(RECORDS FOR THE TASK begins)
Lemma uniq_del_preimages t : valid t -> uniq (del_preimages t).
Proof.
elim/ptree_ind_mem: t => [//|//|l IH]; rewrite valid_node => t_red.
apply: (@map_uniq _ _ root_split); rewrite map_root_split_del_preimages //.
have [l_big l_red] := andP t_red.
set B := [seq _ | p <- _]; set C := [seq _ | j <- _, y <- _].
have B_leaf z : z \in B -> z.1.2 = PLeaf /\ z.1.1.1 = (size l).+1.
  by case/mapP=> p _ ->.
have C_node z : z \in C -> z.1.2 != PLeaf.
  case/allpairsPdep=> j [y [lt_j y_in ->]] /=; rewrite mem_iota /= in lt_j.
  rewrite (nth_map PEmpty) // in y_in.
  have c_red : reduced_ne (nth PEmpty l j) by apply: (allP l_red); rewrite mem_nth.
  have [_ _] := mem_del_preimages (reduced_valid c_red) y_in.
  by case: (y.1) => // del_y; move: c_red; rewrite -del_y.
have uniq_C : uniq C.
  apply: allpairs_uniq_dep; first exact: iota_uniq.
    move=> j; rewrite mem_iota /= => lt_j; rewrite (nth_map PEmpty) //.
    by apply: IH; rewrite ?mem_nth // reduced_valid //; apply: (allP l_red); rewrite mem_nth.
  by move=> [j [t1 i]] [j' [t2 i']] _ _ [-> -> ->].
rewrite !cat_uniq uniq_C map_inj_uniq ?iota_uniq; last by move=> p q [].
rewrite andbT andTb; apply/and3P; split=> //; last first.
  by apply/hasPn => z /C_node; apply: contra => /B_leaf[-> _].
apply/hasPn => z z_in; apply/negP; rewrite !inE => /orP[] /eqP z_eq.
all: move: z_in; rewrite mem_cat z_eq => /orP[/B_leaf[_ /= ?] | /C_node].
all: by [lia | rewrite eqxx].
Qed.

Import GRing.Theory.
Local Open Scope ring_scope.

Section PlanarExponential.
Variables (K : fieldType) (k : nat).

Lemma coefF_nseq (f : series K) ts : f PEmpty = 1 ->
  coefF (nseq k f) ts = 'C(k, size ts)%:R * \prod_(t <- ts) f t.
Proof.
move=> f0; elim: k ts => [|k' IH] [|t ts] /=.
- by rewrite big_nil mulr1.
- by rewrite mul0r.
- by rewrite f0 mul1r IH addr0 !bin0.
by rewrite f0 mul1r !IH big_cons binS natrD mulrDl [f t * (_ * _)]mulrCA.
Qed.

Definition children (t : ptree) : seq ptree := if t is PNode l then l else [::].

(* The part of the coefficient of [t] in [•_k(f, ..., f)] that does not come
   from the terms [•_k(1, ..., t, ..., 1)]. *)
Definition children_coef (f : series K) (t : ptree) : K :=
  'C(k, size (children t))%:R * \prod_(c <- children t) f c.

Lemma IsExp_node (f : series K) l : IsExp k f -> reduced_ne (PNode l) ->
  (k%:R ^+ nleaves_seq l - k%:R) * f (PNode l) = children_coef f (PNode l).
Proof.
case=> f0 _ f_exp l_red; have := f_exp _ (reduced_valid l_red).
rewrite /prodc !coefF_nseq //= big_seq1 bin1 mulrBl => ->.
by rewrite addrAC subrr add0r.
Qed.

Hypotheses (K_char0 : [pchar K] =i pred0) (k_ge2 : (2 <= k)%N).

Lemma exp_sub_neq0 n : (1 < n)%N -> (k%:R ^+ n - k%:R : K) != 0.
Proof.
move=> n_gt1; have lt_k_kn : (k < k ^ n)%N by rewrite -{1}[k]expn1 ltn_exp2l.
by rewrite -natrX -natrB ?(ltnW lt_k_kn) // (pcharf0P K).1 // subn_eq0 -ltnNge.
Qed.

Lemma bin2_double : 'C(k, 2)%:R *+ 2 = k%:R ^+ 2 - k%:R :> K.
Proof.
rewrite -mulr_natr -natrM mulnC (mul_bin_left k 1) bin1 natrM natrB ?(ltnW k_ge2) //.
by rewrite expr2 mulrBl mul1r.
Qed.

Lemma IsExp_del_preimage (f : series K) T x : IsExp k f -> reduced_ne T ->
  x \in del_preimages T ->
  (k%:R ^+ (nleaves T).+1 - k%:R) * f x.1 = children_coef f x.1.
Proof.
move=> f_exp T_red x_in.
have [x_red lt_i del_x] := mem_del_preimages (reduced_valid T_red) x_in.
have nleaves_x : nleaves x.1 = (nleaves T).+1.
  by rewrite -del_x nleaves_del // prednK // reduced_nleaves_gt0.
case: (x.1) x_red nleaves_x => [//| _ [] T0 | l x_red <-]; last exact: IsExp_node.
by move: (reduced_nleaves_gt0 T_red); rewrite -T0.
Qed.

Lemma children_coef_mid (f : series K) pre y post :
  children_coef f (PNode (pre ++ y :: post)) =
    'C(k, (size (pre ++ post)).+1)%:R * \prod_(c <- pre ++ post) f c * f y.
Proof.
rewrite /children_coef /= size_cat addnS -size_cat !big_cat big_cons /=.
by rewrite -!mulrA [f y * _]mulrC.
Qed.

Lemma sum_children_coef_insert_leaf (f : series K) l : f PLeaf = 1 ->
  \sum_(p <- iota 0 (size l).+1)
     children_coef f (PNode (take p l ++ PLeaf :: drop p l))
  = ('C(k, (size l).+1)%:R * \prod_(c <- l) f c) *+ (size l).+1.
Proof.
move=> f1; rewrite [LHS](eq_bigr (fun=> 'C(k, (size l).+1)%:R * \prod_(c <- l) f c)).
  by rewrite -[iota 0 _]/(index_iota 0 (size l).+1) sumr_const_nat subn0.
by move=> p _; rewrite children_coef_mid cat_take_drop f1 mulr1.
Qed.

Lemma sum_children_coef_in_child (f : series K) l :
  {in l, forall c, \sum_(y <- del_preimages c) f y.1 = f c} ->
  \sum_(j <- iota 0 (size l)) \sum_(y <- nth [::] (map del_preimages l) j)
     children_coef f (PNode (take j l ++ y.1 :: drop j.+1 l))
  = children_coef f (PNode l) *+ size l.
Proof.
move=> sum_child; rewrite [LHS](eq_big_seq (fun=> children_coef f (PNode l))).
  have -> : iota 0 (size l) = index_iota 0 (size l) by rewrite /index_iota subn0.
  by rewrite sumr_const_nat subn0.
move=> j; rewrite mem_iota /= => lt_j; rewrite (nth_map PEmpty) //.
have def_l := cat_take_nth_drop PEmpty lt_j; set c := nth PEmpty l j in def_l *.
under eq_bigr => y _ do rewrite children_coef_mid.
by rewrite -mulr_sumr sum_child ?mem_nth // -children_coef_mid def_l.
Qed.

Lemma mulSn_binS_add m : (m.+1 * 'C(k, m.+1) + m * 'C(k, m) = k * 'C(k, m))%N.
Proof.
rewrite mul_bin_left -mulnDl; case: (leqP m k) => [le_mk | lt_km].
  by rewrite subnK.
by rewrite bin_small // !muln0.
Qed.

Lemma binS_coef_add (P : K) m :
  ('C(k, m.+1)%:R * P) *+ m.+1 + ('C(k, m)%:R * P) *+ m = k%:R * ('C(k, m)%:R * P).
Proof.
rewrite -!(mulr_natl (_ * _)) !mulrA -mulrDl -!natrM -natrD.
by rewrite mulSn_binS_add natrM.
Qed.

Lemma children_coef_grafts (f : series K) T : f PLeaf = 1 ->
  children_coef f (PNode [:: PLeaf; T]) + children_coef f (PNode [:: T; PLeaf]) =
    (k%:R ^+ 2 - k%:R) * f T.
Proof.
move=> f1; rewrite -bin2_double /children_coef; cbn [children size].
by rewrite !big_cons big_nil f1 mul1r !mulr1 mulr2n mulrDl.
Qed.
(* Let $u_0$ be as in the context and put $K_0:=\sup_{X} y^2e^{-2u_0}|P(z)|^2<\infty$. Then $w_+:=u_0+y$ is a (classical, hence weak) super-solution of $( * )$ on $X$. Moreover, for every constant $C\ge \max\{1,K_0\}$, the continuous function $w_-:=u_0+f_C(y)$ is a weak sub-solution of $( * )$ on $X$, and $u_0\le w_-\le w_+$ on $X$.
   Context: Let $X=\mathbb{R}^2\times(0,+\infty)$ with coordinates $(x_1,x_2,y)$, $z=x_1+ix_2$, $R=\sqrt{|z|^2+y^2}$, and $\Delta=\partial_1^2+\partial_2^2+\partial_y^2$. Let $P(z)$ be a non-zero complex polynomial of degree $N$. Consider the equation $( * )$: $\Delta u+e^{-2u}|P(z)|^2=0$ on $X$. A continuous function $u$ on $X$ is a weak sub-solution (resp. super-solution) of $( * )$ if $\int_X\big(-u\Delta v-e^{-2u}|P|^2v\big)\le 0$ (resp. $\ge 0$) for every non-negative compactly supported smooth $v$ on $X$. Let $u_0$ be a smooth solution of $( * )$ on $X$ (the He–Mazzeo model solution satisfying the generalized Nahm pole boundary condition) with the properties: $\sup_X y\,e^{-u_0}|P(z)|<\infty$, and there are $R_0,K>0$ with $|u_0-N\ln R-\ln y|\le K$ whenever $R\ge R_0$. For $C\ge 1$ define $f_C(y)=0$ for $0<y\le C$ and $f_C(y)=y-C\ln(y/C)-C$ for $y\ge C$. *)

From Stdlib Require Import Reals Lra List.
From Coquelicot Require Import Coquelicot.
Open Scope R_scope.

(* Functions on R^3 are written curried: f x1 x2 y. X = { y > 0 }. *)
Definition inX (x1 x2 y : R) : Prop := 0 < y.

(* partial derivatives: direction 0 = x1, 1 = x2, otherwise y *)
Definition pd (i : nat) (f : R -> R -> R -> R) : R -> R -> R -> R :=
  match i with
  | O => fun a b c => Derive (fun t => f t b c) a
  | S O => fun a b c => Derive (fun t => f a t c) b
  | _ => fun a b c => Derive (fun t => f a b t) c
  end.

Definition ex_pd (i : nat) (f : R -> R -> R -> R) (a b c : R) : Prop :=
  match i with
  | O => ex_derive (fun t => f t b c) a
  | S O => ex_derive (fun t => f a t c) b
  | _ => ex_derive (fun t => f a b t) c
  end.

Definition iter_pd (l : list nat) (f : R -> R -> R -> R) : R -> R -> R -> R :=
  fold_right pd f l.

Definition cont3_at (f : R -> R -> R -> R) (a b c : R) : Prop :=
  continuous (fun p : R * R * R => f (fst (fst p)) (snd (fst p)) (snd p)) (a, b, c).
(* Let $R$ be a local ring with stable regular maximal ideal $M$, let $R_1=E(M)$, and suppose $R\subseteq R_1$ is a quadratic extension and $R_1$ is a local ring with maximal ideal $M_1$. Let $R_2=E(M_1)$. (1) If $R_1\neq R_2$, then $M_1=MR_2$, $M_1$ is a stable ideal of $R_1$, and $R_1=R+M_1$. (2) If $R_1=R_2$, then $M_1$ is a principal ideal of $R_1$ and $R_1=R+xR$ for every $x\in R_1\setminus R$.
   Context: All rings are commutative with identity; a local ring is a ring with a unique maximal ideal (not necessarily Noetherian). $Q(R)$ is the total ring of quotients. An ideal is regular if it contains a nonzerodivisor. For a regular fractional ideal $I$ of a ring $A$ (an $A$-submodule of $Q(A)$ containing a nonzerodivisor with $bI\subseteq A$ for some nonzerodivisor $b$), $E(I)=\{q\in Q(A):qI\subseteq I\}$, and $I$ is stable if it is projective as an $E(I)$-module. An extension $R\subseteq S$ is quadratic if $xy\in xR+yR+R$ for all $x,y\in S$. *)

(* All rings live inside one ambient commutative ring Q,
   which is assumed to be the total ring of quotients of the base ring R.
   Subrings, ideals, fractional ideals are predicates (Q -> Prop). *)
From HB Require Import structures.
From mathcomp Require Import all_boot all_order all_algebra.
Set Implicit Arguments. Unset Strict Implicit. Unset Printing Implicit Defensive.
Import GRing.Theory.
Local Open Scope ring_scope.

Section Defs.
Variable Q : comNzRingType.

Definition same_set (A B : Q -> Prop) : Prop := forall x, A x <-> B x.

Definition subring (A : Q -> Prop) : Prop :=
  [/\ A 0, A 1, (forall x y, A x -> A y -> A (x + y)),
      (forall x, A x -> A (- x)) & (forall x y, A x -> A y -> A (x * y))].

Definition ideal_of (A I : Q -> Prop) : Prop :=
  [/\ (forall x, I x -> A x), I 0, (forall x y, I x -> I y -> I (x + y))
    & (forall a x, A a -> I x -> I (a * x))].

Definition proper_ideal (A I : Q -> Prop) : Prop := ideal_of A I /\ ~ I 1.

Definition maximal_ideal (A I : Q -> Prop) : Prop :=
  proper_ideal A I /\
  forall J, proper_ideal A J -> (forall x, I x -> J x) -> same_set J I.

(* local ring: a ring with a unique maximal ideal (not necessarily Noetherian) *)
Definition local_ring (A : Q -> Prop) : Prop :=
  subring A /\
  exists M, maximal_ideal A M /\ forall N, maximal_ideal A N -> same_set N M.

Definition nzd (A : Q -> Prop) (r : Q) : Prop :=
  A r /\ forall s, A s -> r * s = 0 -> s = 0.

Definition total_quotient_ring (R : Q -> Prop) : Prop :=
  [/\ subring R,
      (forall r, nzd R r -> exists u, r * u = 1)
    & (forall q, exists a b u, [/\ R a, nzd R b, b * u = 1 & q = a * u])].

Definition regular_ideal (A I : Q -> Prop) : Prop := exists r, I r /\ nzd A r.

Definition E (I : Q -> Prop) : Q -> Prop := fun q => forall x, I x -> I (q * x).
(RECORDS FOR THE TASK ends)
• **EXERCISE DIRECTIONS**: The sole thing to report is how many lines in the data hold the string "apply".

• **SOLUTION FOR THIS TASK**: 7